Estamos em 1940. As obras de alargamento e alongamento da doca comercial, bem como a mudança de canal de acesso a esta, e outros complementos, estavam em fase de conclusão.

Inauguraram-se em ato solene em 23/08/1931, com a presença, entre outas autoridades, do Presidente da República, Óscar Carmona. Para conclusão da empreitada previa-se um prazo de 3 anos e meio. No entanto, esta só se concluiu, com a entrada do primeiro navio, decorridos cerca de 9 anos, no primeiro trimestre de 1940.

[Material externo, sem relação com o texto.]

Lemma is_zone_graph_sound (L C Act : Type) (A : TA L C Act) p G :
  is_zone_graph A p G -> zg_sound A G.
Proof.
  intros (_ & _ & _ & _ & _ & Hfwd & Hpa & Hpd); split.
  - intros n s a s' [Hn Hs] Ha; exact (proj1 (Hfwd n s Hn Hs) a s' Ha).
  - intros n s d s' [Hn Hs] Hd; exact (proj2 (Hfwd n s Hn Hs) d s' Hd).
  - intros n n' s s' a [Hn Hs] [Hn' Hs']; exact (Hpa n n' s s' a Hn Hn' Hs Hs').
  - intros n n' s s' d [Hn Hs] [Hn' Hs']; exact (Hpd n n' s s' d Hn Hn' Hs Hs').
Qed.

Lemma is_zone_graph_init (L C Act : Type) (A : TA L C Act) p G :
  is_zone_graph A p G -> state_of G p (zg_init G).
Proof. intros (Hin & Hp & _); split; assumption. Qed.

Section ZoneGraph.
Variables (L C Act : Type) (A : TA L C Act) (G : zone_graph L C).
Hypothesis hG : zg_sound A G.

Lemma zg_eps_delay n n' s : zg_eps G n n' -> state_of G s n ->
  exists d s', delay_step s s' d /\ state_of G s' n'.
Proof.
  intros Heps; revert s; induction Heps as [m m' Hbase | m | m m' m'' _ IH1 _ IH2];
    intros s Hs.
  - destruct Hbase as (_ & Hm' & _ & t & t' & d & Ht & Ht' & Hd).
    destruct (zg_prestable_delay hG (conj (proj1 Hs) Ht) (conj Hm' Ht') Hd (proj2 Hs))
      as (s' & d' & Hd' & Hs').
    exists d', s'; split; [exact Hd' | split; assumption].
  - exists 0, s; split; [apply delay_step_refl | exact Hs].
  - destruct (IH1 s Hs) as (d1 & s1 & Hd1 & Hs1).
    destruct (IH2 s1 Hs1) as (d2 & s2 & Hd2 & Hs2).
    exists (d1 + d2), s2; split; [eapply delay_step_trans; eassumption | exact Hs2].
Qed.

A primeira imagem mostra-nos a remoção dos últimos materiais e dragagens de canais de acessos, com a presença ainda do velho fortim, dotado de observatório. Este seria demolido pouco tempo depois, para então se dar início à construção da Doca Eng. Duarte Pacheco, precisamente no antigo canal de acesso à doca.

A primeira e quarta imagens, especialmente, são documentos importantes que retratam bem a dimensão das obras realizadas.

VIANA DO CASTELO: PORTO DE PESCA EM 1940

Estas fotografias, entre outras, foram encomendas da Comissão de Viticultura da Região dos Vinhos Verdes, entre 1939 e 1940, que resultou na realização de 7 álbuns, quatros dos quais relativos às operações ligadas ao cultivo e comércio do vinho verde e às instalações e armazéns da Comissão. Outros dois designados de "álbuns turísticos" retratam as cidades e lugares que fazem parte da rota demarcada do vinho verde. O álbum que diz respeito aos armazéns desapareceu das instalações da Comisssão.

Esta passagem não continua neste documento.